(RECORDS TO PROCESS begins)

(* Assume Schanuel's conjecture $(S)$. Then there exist transcendental positive real numbers $x,y,s,t$ with $s\neq t$ such that $x^{y}\neq y^{x}$, $s^{t}=t^{s}$, and the three numbers $x^{y}$, $y^{x}$, $s^{t}$ are integers. (For instance one may take $x\in(2,3)$ with $x^{2^{1/x}}=3$ and $y=2^{1/x}$, so that $x^y=3$, $y^x=2$, and $s<t$ positive reals with $s^t=t^s=17$.)
   Context: Schanuel's conjecture $(S)$: if $\alpha_1,\dots,\alpha_n\in\mathbb{C}$ are linearly independent over $\mathbb{Q}$, then the transcendence degree of $\mathbb{Q}(\alpha_1,\dots,\alpha_n,e^{\alpha_1},\dots,e^{\alpha_n})$ over $\mathbb{Q}$ is at least $n$. Powers of positive reals are the usual real powers. *)

From Stdlib Require Import Reals QArith Qreals List.
Open Scope R_scope.

Definition C : Type := (R * R)%type.
Definition C0 : C := (0, 0).
Definition C1 : C := (1, 0).
Definition Cadd (z w : C) : C := (fst z + fst w, snd z + snd w).
Definition Cmul (z w : C) : C :=
  (fst z * fst w - snd z * snd w, fst z * snd w + snd z * fst w).
Fixpoint Cpow (z : C) (k : nat) : C :=
  match k with O => C1 | S k' => Cmul z (Cpow z k') end.
Definition Cexp (z : C) : C :=
  (exp (fst z) * cos (snd z), exp (fst z) * sin (snd z)).
Definition QtoC (q : Q) : C := (Q2R q, 0).
Definition RtoC (x : R) : C := (x, 0).

Definition Q_lin_indep (al : list C) : Prop :=
  forall qs : list Q, length qs = length al ->
    fold_right Cadd C0 (map (fun p => Cmul (QtoC (fst p)) (snd p)) (combine qs al)) = C0 ->
    Forall (fun q => q == 0)%Q qs.

(** Multivariate polynomials over Q in variables z_0,...,z_{m-1}:
    a list of monomials (coefficient, exponent vector). *)
Definition mpoly := list (Q * list nat).

Fixpoint monom_eval (zs : list C) (e : list nat) : C :=
  match zs, e with
  | z :: zs', k :: e' => Cmul (Cpow z k) (monom_eval zs' e')
  | _, _ => C1
  end.

Definition mpoly_eval (zs : list C) (P : mpoly) : C :=
  fold_right Cadd C0 (map (fun m => Cmul (QtoC (fst m)) (monom_eval zs (snd m))) P).

Definition mpoly_nonzero (m : nat) (P : mpoly) : Prop :=
  Forall (fun mo => length (snd mo) = m) P /\
  NoDup (map snd P) /\
  Exists (fun mo => ~ (fst mo == 0)%Q) P.

Definition alg_indep (zs : list C) : Prop :=
  forall P : mpoly, mpoly_nonzero (length zs) P -> mpoly_eval zs P <> C0.

(** trdeg_Q Q(gens) >= n, via: some n of the generators are algebraically
    independent over Q (a transcendence basis can be extracted from generators). *)
Definition trdeg_ge (gens : list C) (n : nat) : Prop :=
  exists idx : list nat,
    NoDup idx /\ length idx = n /\ Forall (fun i => (i < length gens)%nat) idx /\
    alg_indep (map (fun i => nth i gens C0) idx).

Definition Schanuel : Prop :=
  forall al : list C, Q_lin_indep al ->
    trdeg_ge (al ++ map Cexp al) (length al).

Definition Q_algebraic (x : R) : Prop :=
  exists cs : list Q, Exists (fun q => ~ (q == 0)%Q) cs /\
    fold_right Rplus 0 (map (fun p => Q2R (fst p) * x ^ snd p)
                          (combine cs (seq 0 (length cs)))) = 0.
Definition transcendental (x : R) : Prop := ~ Q_algebraic x.

From Stdlib Require Import Reals QArith Qreals List ZArith Znumtheory Zpow_facts.
From Stdlib Require Import Lra Lia Classical.
Open Scope R_scope.

(* Let [p, q > 1] with [p ^ q = c ^ k] and [q ^ p = c ^ m] for an integer [c > 1], and put
   [P = ln p], [Q = ln q], [G = ln c], so that [q P = k G] and [p Q = m G]. Suppose [p] is
   algebraic. If [P, Q, G] were linearly independent over Q, Schanuel would make
   [Q(P, Q, G, p, q, c)] of transcendence degree 3, yet it is algebraic over [Q(P, G)]. So
   there is a linear relation, and Schanuel applied to two of the logarithms shows that [q]
   is algebraic and then that [P, G] (and [Q, G]) are linearly dependent, i.e. [p] and [q]
   are rational. In the examples this is impossible: if [a ^ b] is an integer for positive
   rationals [a], [b], then [a] is an integer, while [1 < y < 2] with [y ^ x = 2], and
   [s ^ t = t ^ s = 17] with [1 < s < 3], leave no integral candidates. *)

(** * Polynomials evaluated at real points *)

Fixpoint rmonom_eval (zs : list R) (e : list nat) : R :=
  match zs, e with
  | z :: zs', k :: e' => z ^ k * rmonom_eval zs' e'
  | _, _ => 1
  end.

Definition rmpoly_eval (zs : list R) (P : mpoly) : R :=
  fold_right Rplus 0 (map (fun mo => Q2R (fst mo) * rmonom_eval zs (snd mo)) P).

Lemma rmpoly_eval_cons zs mo P :
  rmpoly_eval zs (mo :: P) = Q2R (fst mo) * rmonom_eval zs (snd mo) + rmpoly_eval zs P.
Proof. reflexivity. Qed.

Lemma rmpoly_eval_app zs P1 P2 :
  rmpoly_eval zs (P1 ++ P2) = rmpoly_eval zs P1 + rmpoly_eval zs P2.
Proof.
  induction P1 as [|mo P1 IH]; simpl; [unfold rmpoly_eval; simpl; ring|].
  rewrite !rmpoly_eval_cons, IH. ring.
Qed.

Lemma Cadd_RtoC a b : Cadd (RtoC a) (RtoC b) = RtoC (a + b).
Proof. unfold Cadd, RtoC; simpl; f_equal; ring. Qed.

Lemma Cmul_RtoC a b : Cmul (RtoC a) (RtoC b) = RtoC (a * b).
Proof. unfold Cmul, RtoC; simpl; f_equal; ring. Qed.

Lemma Cpow_RtoC a k : Cpow (RtoC a) k = RtoC (a ^ k).
Proof. induction k as [|k IH]; simpl; [reflexivity|]. now rewrite IH, Cmul_RtoC. Qed.

Lemma Cexp_RtoC x : Cexp (RtoC x) = RtoC (exp x).
Proof. unfold Cexp, RtoC; simpl. rewrite cos_0, sin_0. f_equal; ring. Qed.

Lemma monom_eval_RtoC zs e : monom_eval (map RtoC zs) e = RtoC (rmonom_eval zs e).
Proof.
  revert e; induction zs as [|z zs IH]; intros [|k e]; simpl; try reflexivity.
  now rewrite IH, Cpow_RtoC, Cmul_RtoC.
Qed.

Lemma mpoly_eval_RtoC zs P : mpoly_eval (map RtoC zs) P = RtoC (rmpoly_eval zs P).
Proof.
  unfold mpoly_eval, rmpoly_eval; induction P as [|mo P IH]; simpl; [reflexivity|].
  rewrite IH, monom_eval_RtoC. unfold QtoC. fold (RtoC (Q2R (fst mo))).
  now rewrite Cmul_RtoC, Cadd_RtoC.
Qed.

Definition has_arity (n : nat) (P : mpoly) : Prop :=
  Forall (fun mo => length (snd mo) = n) P.

Fixpoint mpoly_insert (mo : Q * list nat) (P : mpoly) : mpoly :=
  match P with
  | nil => mo :: nil
  | mo' :: P' => if list_eq_dec Nat.eq_dec (snd mo) (snd mo')
                 then (Qplus (fst mo) (fst mo'), snd mo') :: P'
                 else mo' :: mpoly_insert mo P'
  end.

Definition mpoly_normalize (P : mpoly) : mpoly := fold_right mpoly_insert nil P.

Lemma rmpoly_eval_insert zs mo P :
  rmpoly_eval zs (mpoly_insert mo P) = rmpoly_eval zs (mo :: P).
Proof.
  induction P as [|mo' P IH]; simpl; [reflexivity|].
  destruct (list_eq_dec Nat.eq_dec (snd mo) (snd mo')) as [E|E];
    rewrite !rmpoly_eval_cons; simpl.
  - rewrite Q2R_plus, E. ring.
  - rewrite IH, rmpoly_eval_cons. ring.
Qed.

Lemma rmpoly_eval_normalize zs P : rmpoly_eval zs (mpoly_normalize P) = rmpoly_eval zs P.
Proof.
  induction P as [|mo P IH]; simpl; [reflexivity|].
  now rewrite rmpoly_eval_insert, !rmpoly_eval_cons, IH.
Qed.

Lemma has_arity_insert n mo P :
  length (snd mo) = n -> has_arity n P -> has_arity n (mpoly_insert mo P).
Proof.
  intros Hmo; induction 1 as [|mo' P Hmo' HP IH]; simpl; [now repeat constructor|].
  destruct (list_eq_dec Nat.eq_dec (snd mo) (snd mo')); now constructor.
Qed.

Lemma has_arity_normalize n P : has_arity n P -> has_arity n (mpoly_normalize P).
Proof. induction 1; simpl; [constructor | now apply has_arity_insert]. Qed.

Lemma in_exponents_insert mo P e :
  In e (map snd (mpoly_insert mo P)) -> e = snd mo \/ In e (map snd P).
Proof.
  induction P as [|mo' P IH]; simpl; [intros [<-|[]]; now left|].
  destruct (list_eq_dec Nat.eq_dec (snd mo) (snd mo')); simpl; intuition.
Qed.

Lemma NoDup_exponents_normalize P : NoDup (map snd (mpoly_normalize P)).
Proof.
  induction P as [|mo P IH]; simpl; [constructor|].
  induction (mpoly_normalize P) as [|mo' P' IH']; simpl; [now repeat constructor|].
  simpl in IH; apply NoDup_cons_iff in IH as [Hnin Hnd].
  destruct (list_eq_dec Nat.eq_dec (snd mo) (snd mo')); simpl; constructor; auto.
  intros Hin%in_exponents_insert; intuition.
Qed.

(* Evaluation-level nonvanishing is all we need to produce a polynomial
   satisfying [mpoly_nonzero]: normalizing makes the exponent vectors distinct
   and keeps some nonzero coefficient. *)
Lemma alg_indep_rmpoly_eval_neq0 (rs ws : list R) (P : mpoly) :
  alg_indep (map RtoC rs) -> has_arity (length rs) P ->
  rmpoly_eval ws P <> 0 -> rmpoly_eval rs P <> 0.
Proof.
  intros Hindep Har Hws H0.
  assert (Hnz : Exists (fun mo => ~ (fst mo == 0)%Q) (mpoly_normalize P)).
  { apply NNPP; intros Hall; apply Hws; rewrite <- (rmpoly_eval_normalize ws).
    induction (mpoly_normalize P) as [|mo P' IH]; [reflexivity|].
    rewrite rmpoly_eval_cons, IH by (intro; apply Hall; now right).
    destruct (Qeq_dec (fst mo) 0) as [E|E]; [|now contradict Hall; left].
    rewrite (Qeq_eqR _ _ E), RMicromega.Q2R_0; ring. }
  apply (Hindep (mpoly_normalize P)).
  - rewrite length_map; split; [now apply has_arity_normalize|].
    split; [apply NoDup_exponents_normalize | exact Hnz].
  - now rewrite mpoly_eval_RtoC, rmpoly_eval_normalize, H0.
Qed.

(** * Polynomial expressions *)

Fixpoint unit_exponent (m i : nat) : list nat :=
  match m, i with
  | O, _ => nil
  | S m', O => 1%nat :: repeat 0%nat m'
  | S m', S i' => 0%nat :: unit_exponent m' i'
  end.

Fixpoint exponent_add (e1 e2 : list nat) : list nat :=
  match e1, e2 with
  | a :: e1', b :: e2' => (a + b)%nat :: exponent_add e1' e2'
  | _, _ => nil
  end.

Definition mpoly_const (m : nat) (q : Q) : mpoly := (q, repeat 0%nat m) :: nil.
Definition mpoly_var (m i : nat) : mpoly := (1%Q, unit_exponent m i) :: nil.
Definition mpoly_mul (P1 P2 : mpoly) : mpoly :=
  flat_map (fun a => map (fun b => (Qmult (fst a) (fst b), exponent_add (snd a) (snd b))) P2) P1.
Fixpoint mpoly_pow (m : nat) (P : mpoly) (n : nat) : mpoly :=
  match n with O => mpoly_const m 1 | S n' => mpoly_mul P (mpoly_pow m P n') end.

Lemma length_unit_exponent m i : (i < m)%nat -> length (unit_exponent m i) = m.
Proof.
  revert i; induction m as [|m IH]; intros [|i] Hi; simpl; try lia.
  - now rewrite repeat_length.
  - f_equal; apply IH; lia.
Qed.

Lemma length_exponent_add e1 e2 : length e1 = length e2 -> length (exponent_add e1 e2) = length e1.
Proof. revert e2; induction e1; intros [|b e2] H; simpl in *; try lia. f_equal; auto. Qed.

Lemma rmonom_eval_zero zs m : rmonom_eval zs (repeat 0%nat m) = 1.
Proof. revert m; induction zs as [|z zs IH]; intros [|m]; simpl; auto. rewrite IH; ring. Qed.

Lemma rmonom_eval_unit zs i :
  (i < length zs)%nat -> rmonom_eval zs (unit_exponent (length zs) i) = nth i zs 0.
Proof.
  revert i; induction zs as [|z zs IH]; intros [|i] Hi; simpl in *; try lia.
  - rewrite rmonom_eval_zero; ring.
  - rewrite IH by lia; ring.
Qed.

Lemma rmonom_eval_add zs e1 e2 : length e1 = length zs -> length e2 = length zs ->
  rmonom_eval zs (exponent_add e1 e2) = rmonom_eval zs e1 * rmonom_eval zs e2.
Proof.
  revert e1 e2; induction zs as [|z zs IH]; intros [|a e1] [|b e2] H1 H2;
    simpl in *; try lia; try ring.
  rewrite IH, pow_add by lia; ring.
Qed.

Lemma has_arity_const m q : has_arity m (mpoly_const m q).
Proof. repeat constructor; apply repeat_length. Qed.

Lemma has_arity_mul m P1 P2 : has_arity m P1 -> has_arity m P2 -> has_arity m (mpoly_mul P1 P2).
Proof.
  intros H1 H2; induction H1 as [|a P1 Ha _ IH]; simpl; [constructor|].
  apply Forall_app; split; [|exact IH].
  apply Forall_map; eapply Forall_impl; [|exact H2]; simpl; intros b Hb.
  rewrite length_exponent_add; congruence.
Qed.

Lemma has_arity_pow m P n : has_arity m P -> has_arity m (mpoly_pow m P n).
Proof. intros HP; induction n; simpl; [apply has_arity_const | now apply has_arity_mul]. Qed.

Lemma rmpoly_eval_const zs q : rmpoly_eval zs (mpoly_const (length zs) q) = Q2R q.
Proof. unfold rmpoly_eval; simpl; rewrite rmonom_eval_zero; ring. Qed.

Lemma rmpoly_eval_monom_mul zs a P :
  length (snd a) = length zs -> has_arity (length zs) P ->
  rmpoly_eval zs (map (fun b => (Qmult (fst a) (fst b), exponent_add (snd a) (snd b))) P)
  = Q2R (fst a) * rmonom_eval zs (snd a) * rmpoly_eval zs P.
Proof.
  intros Ha; induction 1 as [|b P Hb _ IH]; simpl; [unfold rmpoly_eval; simpl; ring|].
  rewrite !rmpoly_eval_cons, IH; simpl.
  rewrite Q2R_mult, rmonom_eval_add by assumption; ring.
Qed.

Lemma rmpoly_eval_mul zs P1 P2 :
  has_arity (length zs) P1 -> has_arity (length zs) P2 ->
  rmpoly_eval zs (mpoly_mul P1 P2) = rmpoly_eval zs P1 * rmpoly_eval zs P2.
Proof.
  intros H1 H2; induction H1 as [|a P1 Ha _ IH]; simpl; [unfold rmpoly_eval; simpl; ring|].
  rewrite rmpoly_eval_app, IH, rmpoly_eval_monom_mul, rmpoly_eval_cons by assumption; ring.
Qed.

Lemma rmpoly_eval_pow zs P n : has_arity (length zs) P ->
  rmpoly_eval zs (mpoly_pow (length zs) P n) = rmpoly_eval zs P ^ n.
Proof.
  intros HP; induction n as [|n IH]; simpl.
  - now rewrite rmpoly_eval_const, RMicromega.Q2R_1.
  - rewrite rmpoly_eval_mul, IH by auto using has_arity_pow; reflexivity.
Qed.

Inductive pexpr :=
| PVar (g : nat) | PConst (q : Q) | PAdd (a b : pexpr) | PMul (a b : pexpr)
| PPow (a : pexpr) (n : nat).

Fixpoint pexpr_eval (f : nat -> R) (E : pexpr) : R :=
  match E with
  | PVar g => f g
  | PConst q => Q2R q
  | PAdd a b => pexpr_eval f a + pexpr_eval f b
  | PMul a b => pexpr_eval f a * pexpr_eval f b
  | PPow a n => pexpr_eval f a ^ n
  end.

Fixpoint pexpr_vars (E : pexpr) : list nat :=
  match E with
  | PVar g => g :: nil
  | PConst _ => nil
  | PAdd a b | PMul a b => pexpr_vars a ++ pexpr_vars b
  | PPow a _ => pexpr_vars a
  end.

Fixpoint index_of (g : nat) (l : list nat) : nat :=
  match l with nil => O | h :: t => if Nat.eqb g h then O else S (index_of g t) end.

Lemma index_of_spec g l : In g l -> (index_of g l < length l)%nat /\ nth (index_of g l) l 0%nat = g.
Proof.
  induction l as [|h t IH]; simpl; intros H; [contradiction|].
  destruct (Nat.eqb_spec g h) as [->|Hne]; [split; auto; lia|].
  destruct H as [->|H]; [contradiction|].
  destruct (IH H); split; auto; lia.
Qed.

(RECORDS TO PROCESS ends)

** WORK REQUEST **
Going back over the entries above, copy word for word every line from the one that has "intros Hindep Har Hws H0." on through the one that has "Definition mpoly_var (m".

** COMPLETED EXERCISE **
  intros Hindep Har Hws H0.
  assert (Hnz : Exists (fun mo => ~ (fst mo == 0)%Q) (mpoly_normalize P)).
  { apply NNPP; intros Hall; apply Hws; rewrite <- (rmpoly_eval_normalize ws).
    induction (mpoly_normalize P) as [|mo P' IH]; [reflexivity|].
    rewrite rmpoly_eval_cons, IH by (intro; apply Hall; now right).
    destruct (Qeq_dec (fst mo) 0) as [E|E]; [|now contradict Hall; left].
    rewrite (Qeq_eqR _ _ E), RMicromega.Q2R_0; ring. }
  apply (Hindep (mpoly_normalize P)).
  - rewrite length_map; split; [now apply has_arity_normalize|].
    split; [apply NoDup_exponents_normalize | exact Hnz].
  - now rewrite mpoly_eval_RtoC, rmpoly_eval_normalize, H0.
Qed.

(** * Polynomial expressions *)

Fixpoint unit_exponent (m i : nat) : list nat :=
  match m, i with
  | O, _ => nil
  | S m', O => 1%nat :: repeat 0%nat m'
  | S m', S i' => 0%nat :: unit_exponent m' i'
  end.

Fixpoint exponent_add (e1 e2 : list nat) : list nat :=
  match e1, e2 with
  | a :: e1', b :: e2' => (a + b)%nat :: exponent_add e1' e2'
  | _, _ => nil
  end.

Definition mpoly_const (m : nat) (q : Q) : mpoly := (q, repeat 0%nat m) :: nil.
Definition mpoly_var (m i : nat) : mpoly := (1%Q, unit_exponent m i) :: nil.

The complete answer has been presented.